EXERCISE AIM:
Among the entries, which lines carry the string "andP"? Copy each of them.

═══ DATASET EXCERPTS ═══

(* The six arrays are exhibited explicitly.  Each of the four properties is
   decided by a boolean test on the table of entries, proved sound for arrays
   of every size, and the tests are run by evaluation.  Only the first three
   columns and the first n rows are listed: the zero last row and column of a
   normalized array come from the out-of-range defaults of [column_table]. *)

Definition zdiffn (n x y : nat) : nat := (x + (n - y)) %% n.

Lemma mem_iota_ord m (i : 'I_m) : val i \in iota 0 m.
Proof. by rewrite mem_iota ltn_ord. Qed.

Lemma ltn_neq_ord_max k (j : 'I_k.+1) : j != ord_max -> j < k.
Proof. by rewrite -val_eqE ltn_neqAle -ltnS ltn_ord andbT. Qed.

(* A fast test of [{subset s <= D}], complete when [s] is sorted (as [iota]
   is): it avoids quadratically many membership tests. *)
Definition covered_by (s D : seq nat) : bool := subseq s (sort leq D).

Lemma covered_by_subset s D : covered_by s D -> {subset s <= D}.
Proof. by move=> /mem_subseq sub_s x /sub_s; rewrite mem_sort. Qed.

Section TableTests.

Variable a : nat -> nat -> nat.

Definition col_diffs n rows j j' : seq nat :=
  [seq zdiffn n (a i j) (a i j') | i <- iota 0 rows].

Lemma col_diffsP n rows j j' d :
  reflect (exists2 i, i < rows & zdiffn n (a i j) (a i j') = d)
          (d \in col_diffs n rows j j').
Proof.
apply: (iffP mapP) => [[i i_in ->] | [i lt_i <-]].
  by exists i; rewrite // mem_iota in i_in.
by exists i; rewrite // mem_iota.
Qed.

Definition table_bounded n eta k : bool :=
  all (fun i => all (fun j => a i j < n) (iota 0 k)) (iota 0 eta).

Definition dca_table n eta k : bool :=
  all (fun j => all (fun j' =>
    (j == j') || covered_by (iota 0 n) (col_diffs n eta j j')) (iota 0 k)) (iota 0 k).

Definition normalized_table n k : bool :=
  all (fun j => a n j == 0) (iota 0 k.+1) && all (fun i => a i k == 0) (iota 0 n.+1).

Definition p1_table eta k : bool :=
  all (fun j => 1 < count (fun i => a i j == 0) (iota 0 eta)) (iota 0 k).

Definition p2_table n k : bool :=
  all (fun j => all (fun j' => (j == j') ||
    let D := col_diffs n n j j' in all (leq 1) D && covered_by (iota 1 n.-1) D)
    (iota 0 k)) (iota 0 k).

Section Soundness.

Variable n : nat.

Lemma is_DCA_table eta k (Q : 'M['I_n]_(eta, k)) :
  (forall i j, Q i j = a i j :> nat) -> dca_table n eta k -> is_DCA Q.
Proof.
move=> QE /allP dca j j' neq_jj' d.
have /allP/(_ j' (mem_iota_ord j'))/orP[/eqP/val_inj eq_jj' | /covered_by_subset cover] :=
  dca j (mem_iota_ord j).
  by rewrite eq_jj' eqxx in neq_jj'.
have /col_diffsP[i lt_i <-] := cover d (mem_iota_ord d).
by exists (Ordinal lt_i); rewrite /zdiff !QE.
Qed.

Lemma DCA_normalized_table k (Q : 'M['I_n]_(n.+1, k.+1)) :
  (forall i j, Q i j = a i j :> nat) -> normalized_table n k -> DCA_normalized Q.
Proof.
move=> QE /andP[/allP last_row /allP last_col]; split.
  by move=> j; rewrite QE; apply/eqP/last_row/mem_iota_ord.
by move=> i; rewrite QE; apply/eqP/last_col/mem_iota_ord.
Qed.

Lemma DCA_P1_table eta k (Q : 'M['I_n]_(eta, k)) :
  (forall i j, Q i j = a i j :> nat) -> p1_table eta k -> DCA_P1 Q.
Proof.
move=> QE /allP p1 j; rewrite cardsE cardE size_filter -enumT.
have := p1 j (mem_iota_ord j); rewrite -val_enum_ord count_map.
by under eq_count => i do rewrite /= -QE.
Qed.

Lemma DCA_P2_table k (Q : 'M['I_n]_(n.+1, k.+1)) :
  (forall i j, Q i j = a i j :> nat) -> p2_table n k -> DCA_P2 Q.
Proof.
move=> QE /allP p2 j j' neq_jj' /ltn_neq_ord_max lt_j /ltn_neq_ord_max lt_j' d.
have j_in : val j \in iota 0 k by rewrite mem_iota.
have j'_in : val j' \in iota 0 k by rewrite mem_iota.
have /allP/(_ j' j'_in)/orP[/eqP/val_inj eq_jj' | /andP[/allP pos /covered_by_subset cover]] :=
  p2 j j_in.
  by rewrite eq_jj' eqxx in neq_jj'.
have n_gt0 : 0 < n := leq_ltn_trans (leq0n _) (ltn_ord (Q ord0 j)).
split=> [[i lt_i <-] | /andP[d_gt0 lt_d]].
  rewrite /zdiff !QE /zdiffn ltn_pmod // andbT.
  by apply: pos; apply/col_diffsP; exists i.
have /col_diffsP[i lt_i <-] : d \in col_diffs n n j j'.
  by apply: cover; rewrite mem_iota d_gt0 add1n prednK.
by exists (Ordinal (leqW lt_i)); rewrite // /zdiff !QE.
Qed.

End Soundness.

Definition table_mx m eta k : 'M['I_m.+1]_(eta, k) := \matrix_(i, j) inord (a i j).

Lemma table_mxE m eta k :
  table_bounded m.+1 eta k -> forall i j, table_mx m eta k i j = a i j :> nat.
Proof.
move=> /allP bounded i j; rewrite mxE inordK //.
exact: (allP (bounded i (mem_iota_ord i))) _ (mem_iota_ord j).
Qed.

Definition dca_certificate m k : bool :=
  [&& table_bounded m.+1 m.+2 k.+1, dca_table m.+1 m.+2 k.+1,
      normalized_table m.+1 k, p1_table m.+2 k.+1 & p2_table m.+1 k].

Lemma dca_of_certificate m k : dca_certificate m k ->
  exists Q : 'M['I_m.+1]_(m.+2, k.+1),
    is_DCA Q /\ DCA_normalized Q /\ DCA_P1 Q /\ DCA_P2 Q.
Proof.
case/and5P=> /table_mxE QE dca norm p1 p2.
exists (table_mx m m.+2 k.+1).
split; first exact: is_DCA_table.
split; first exact: DCA_normalized_table.
by split; [apply: DCA_P1_table | apply: DCA_P2_table].
Qed.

═══

SOLUTION BELOW:
move=> QE /andP[/allP last_row /allP last_col]; split.
have /allP/(_ j' j'_in)/orP[/eqP/val_inj eq_jj' | /andP[/allP pos /covered_by_subset cover]] :=
split=> [[i lt_i <-] | /andP[d_gt0 lt_d]].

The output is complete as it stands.